Our neighbor Gretchen made us aware of this contest a few years ago, when she followed her passion and grew a giant pumpkin. That baby was something to behold. Godzilla, they called it, and it topped out at just under four hundred pounds. Gretchen says that’s small stuff compared to the ginormous ones they get at the Fair. She’s continued growing giant pumpkins every year since. But as she’ll tell you, if given half a chance, that none of ‘em compare to Godzilla. Like everything else, I guess, there was just something special about that first one.
Fall’s a good time for apple picking, of course, whether that means pick your own or pick ‘em off the shelf at the local farm stand. We go up to Bouchard’s farm, where on the weekends they serve homemade apple cider donuts at their little farm store. They make some tasty apple muffin’s, too; perfect with their own apple butter. There’s a corn maze for the adventurous, and hay rides for the kids.

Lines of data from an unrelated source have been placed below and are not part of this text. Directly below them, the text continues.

(* Let $(X,\mathrm{d})$ be a metric space, $P\subseteq X$ finite with $n$ points, $r,\varepsilon>0$, and let $\mathcal{F}$ be an $(r,r_2,p_1,p_2)$-sensitive family of hash functions on $X$ with $r_2\le r(1+\varepsilon)$. For any query point $q\in X$, the output set $S$ of the query procedure of the structure $\mathcal{A}(P,r,\varepsilon)$ (described in the context) satisfies $N_P(q,r)\subseteq S$ with probability at least $1-n^{1-c\ln\frac52}$.
   Context: Notation: $N_P(x,r)$ is the set of points of $P\setminus\{x\}$ at distance at most $r$ from $x$. A family $\mathcal{F}$ of functions $X\to\mathbb{Z}$ with a probability distribution is $(r_1,r_2,p_1,p_2)$-sensitive ($r_1<r_2$, $1>p_1>p_2>0$) if for all $x,y\in X$: $\mathrm{d}(x,y)\le r_1\Rightarrow \Pr[f(x)=f(y)]\ge p_1$ and $\mathrm{d}(x,y)\ge r_2\Rightarrow \Pr[f(x)=f(y)]\le p_2$. Structure $\mathcal{A}(P,r,\varepsilon)$: let $\varrho=\ln p_1/\ln p_2$, $k=\lceil \ln n/\ln(1/p_2)\rceil$, $L=\lceil n^\varrho/p_1\rceil$, and let $\mathcal{G}$ be the family of maps $g=(f_1,\dots,f_k):X\to\mathbb{Z}^k$ whose coordinates are drawn independently from $\mathcal{F}$. For each of $\lceil c\ln n\rceil$ rounds ($c>0$ a fixed constant), independently draw $g_1,\dots,g_L$ from $\mathcal{G}$ and insert every $p\in P$ into hash table $H_j$ under key $g_j(p)$. Query: given $q$, for every round and every $j$, retrieve all points stored in $H_j$ under key $g_j(q)$ and insert each such $p$ into $S$ iff $\mathrm{d}(q,p)\le r$; return $S$. *)

From HB Require Import structures.
From mathcomp Require Import all_boot all_order all_algebra.
From mathcomp Require Import all_classical all_reals all_analysis.
Set Implicit Arguments. Unset Strict Implicit. Unset Printing Implicit Defensive.
Import Order.TTheory GRing.Theory Num.Theory.
Local Open Scope classical_set_scope.
Local Open Scope ring_scope.

Definition is_metric (R : realType) (X : Type) (dist : X -> X -> R) : Prop :=
  [/\ forall x y, 0 <= dist x y,
      forall x y, dist x y = 0 <-> x = y,
      forall x y, dist x y = dist y x &
      forall x y z, dist x z <= dist x y + dist y z].

(* A family of hash functions X -> Z with a probability distribution:
   the family is a measurable space U of "labels", [ev u] is the hash
   function with label u, and [Pf] is the distribution. *)
Definition sensitive (R : realType) (X : Type) (dist : X -> X -> R)
  (dU : measure_display) (U : measurableType dU) (Pf : probability U R)
  (ev : U -> X -> int) (r1 r2 p1 p2 : R) : Prop :=
  [/\ r1 < r2, 0 < p2, p2 < p1, p1 < 1 &
      forall x y,
        (dist x y <= r1 -> (p1%:E <= Pf [set u | ev u x = ev u y])%E) /\
        (r2 <= dist x y -> (Pf [set u | ev u x = ev u y] <= p2%:E)%E)].

Definition mutually_independent (R : realType) (d : measure_display)
  (Omega : measurableType d) (mu : probability Omega R) (I : finType)
  (dU : measure_display) (U : measurableType dU) (Y : I -> Omega -> U) : Prop :=
  forall (J : {set I}) (A : I -> set U),
    (forall i, i \in J -> measurable (A i)) ->
    mu (\bigcap_(i in [set i | i \in J]) (Y i @^-1` A i)) =
    (\prod_(i in J) mu (Y i @^-1` A i))%E.

Definition rho (R : realType) (p1 p2 : R) : R := ln p1 / ln p2.
Definition num_k (R : realType) (p2 : R) (n : nat) : nat :=
  `|Num.ceil (ln (n%:R : R) / ln (p2^-1))|%N.
Definition num_L (R : realType) (p1 p2 : R) (n : nat) : nat :=
  `|Num.ceil (powR (n%:R : R) (rho p1 p2) / p1)|%N.
Definition num_rounds (R : realType) (c : R) (n : nat) : nat :=
  `|Num.ceil (c * ln (n%:R : R))|%N.

(* The hash function g = (f_1,...,f_k) drawn for round t, table j, coordinate i
   is ev (Y (t, j, i) omega).  Output set S of the query at q. *)
Definition query_output (R : realType) (X : eqType) (dist : X -> X -> R)
  (P : seq X) (r : R) (Rn Ln kn : nat) (dU : measure_display)
  (U : measurableType dU) (ev : U -> X -> int)
  (h : 'I_Rn * 'I_Ln * 'I_kn -> U) (q : X) : seq X :=
  [seq p <- P | [exists t : 'I_Rn, exists j : 'I_Ln,
                   [forall i : 'I_kn, ev (h (t, j, i)) p == ev (h (t, j, i)) q]]
                && (dist q p <= r)].

Definition near_set (R : realType) (X : eqType) (dist : X -> X -> R)
  (P : seq X) (x : X) (r : R) : seq X :=
  [seq p <- P | (p != x) && (dist x p <= r)].

From HB Require Import structures.
From mathcomp Require Import all_boot all_order all_algebra.
From mathcomp Require Import all_classical all_reals all_analysis.
From mathcomp Require Import ring lra.
Import Order.TTheory GRing.Theory Num.Theory.
Local Open Scope classical_set_scope.
Local Open Scope ring_scope.

(* A point p of N_P(q, r) is found by one table g_j exactly when all k
   coordinates of g_j collide on p and q, which happens with probability
   f^k >= p1^k, where f = Pr[h(p) = h(q)] >= p1.  The R*L tables are independent,
   so p is missed by all of them with probability (1 - f^k)^(RL), which is at
   most exp(-p1^k L R) <= exp(-R) <= n^(-c), because the choice of k gives
   p1^k >= p1 n^(-rho) and hence p1^k L >= 1.  A union bound over the at most n
   near points bounds the failure probability by n^(1-c) <= n^(1-c ln(5/2)). *)

Section RealProbability.
Context {R : realType} {d : measure_display} {Omega : measurableType d}
  (mu : probability Omega R).

Definition pr (A : set Omega) : R := fine (mu A).

Lemma prE {A} : measurable A -> mu A = (pr A)%:E.
Proof. by move=> mA; rewrite /pr fineK // fin_num_measure. Qed.

Lemma pr_ge0 A : 0 <= pr A.
Proof. exact/fine_ge0/measure_ge0. Qed.

Lemma pr_le1 {A} : measurable A -> pr A <= 1.
Proof. by move=> mA; rewrite -lee_fin -prE // probability_le1. Qed.

Lemma prC {A} : measurable A -> pr (~` A) = 1 - pr A.
Proof.
move=> mA; apply: EFin_inj.
by rewrite -prE ?probability_setC ?prE //; exact: measurableC.
Qed.

Lemma prDI {A B} : measurable A -> measurable B ->
  pr A = pr (A `&` ~` B) + pr (A `&` B).
Proof.
move=> mA mB; have mAB : measurable (A `&` B) by exact: measurableI.
have mAnB : measurable (A `&` ~` B) by apply: measurableI => //; exact: measurableC.
by apply: EFin_inj; rewrite EFinD -!prE // -setDE -measureDI.
Qed.

Lemma prU_le {A B} : measurable A -> measurable B -> pr (A `|` B) <= pr A + pr B.
Proof.
move=> mA mB; rewrite -lee_fin EFinD -!prE //; first exact: measureU2.
exact: measurableU.
Qed.

Lemma pr_bigcup_le {T : eqType} {s : seq T} {B : T -> set Omega} {beta : R} :
  (forall p, measurable (B p)) -> (forall p, p \in s -> pr (B p) <= beta) ->
  pr (\bigcup_(p in [set` s]) B p) <= (size s)%:R * beta.
Proof.
move=> mB; elim: s => [|x s IH] Bs_le.
  by rewrite set_nil bigcup_set0 /pr measure0 mul0r.
have -> : [set` x :: s] = x |` [set` s].
  by rewrite predeqE => y /=; rewrite inE; split => /predU1P.
rewrite bigcup_setU1 /= -add1n natrD mulrDl mul1r.
have mBs : measurable (\bigcup_(p in [set` s]) B p).
  exact: fin_bigcup_measurable (finite_seq s) (fun p _ => mB p).
apply: le_trans (prU_le (mB x) mBs) _; apply: lerD; first exact/Bs_le/mem_head.
by apply: IH => p ps; apply: Bs_le; rewrite in_cons ps orbT.
Qed.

I can’t believe the variety of apples grown in Maine, now. Remember when “apple” meant McIntosh? Red Delicious? Maybe a Golden Delicious, if you were lucky enough to come across one? Now, it’s hard to choose. Pink Ladies are my favorite off season apple, you know, the ones I get down to the A&P. But if the apple’s fresh, it’s fun to experiment: Ginger Gold, Macoun, Cox Orange Pippin, Northern Spy.
I’ve been tidying up my garden, dead heading and stuff, but am always reluctant to cut back my perennials and wait as long as I can. Right now there are still flowers blooming, which is a treat. I know the day will come, sometime in October, after we’ve had a frost or two and everything looks brown and scraggly, I’ll get out the clippers and go to town. I don’t think of it as preparing for winter. I say to myself, I’m getting ready for spring.
I remember the year my mom passed away (twenty-one years ago this October 18, can’t believe it), I never did get to putting my garden to bed. I was just too wiped out. Come that spring, I watched my crocuses try to maneuver around those stalks of dried plants that should have been cut back that fall, seeking the sun light, and I thought, I know how you feel, little ones. I know how you feel.
That’s enough of that, Ida! Slather some apple butter on one of those apple muffins, pour yourself another cup of coffee, step outside on the deck and take a good whiff of the crisp, autumn air. Be here now, live life to the fullest and don’t forget your lip gloss!
That’s it for now. Catch you on the flip side!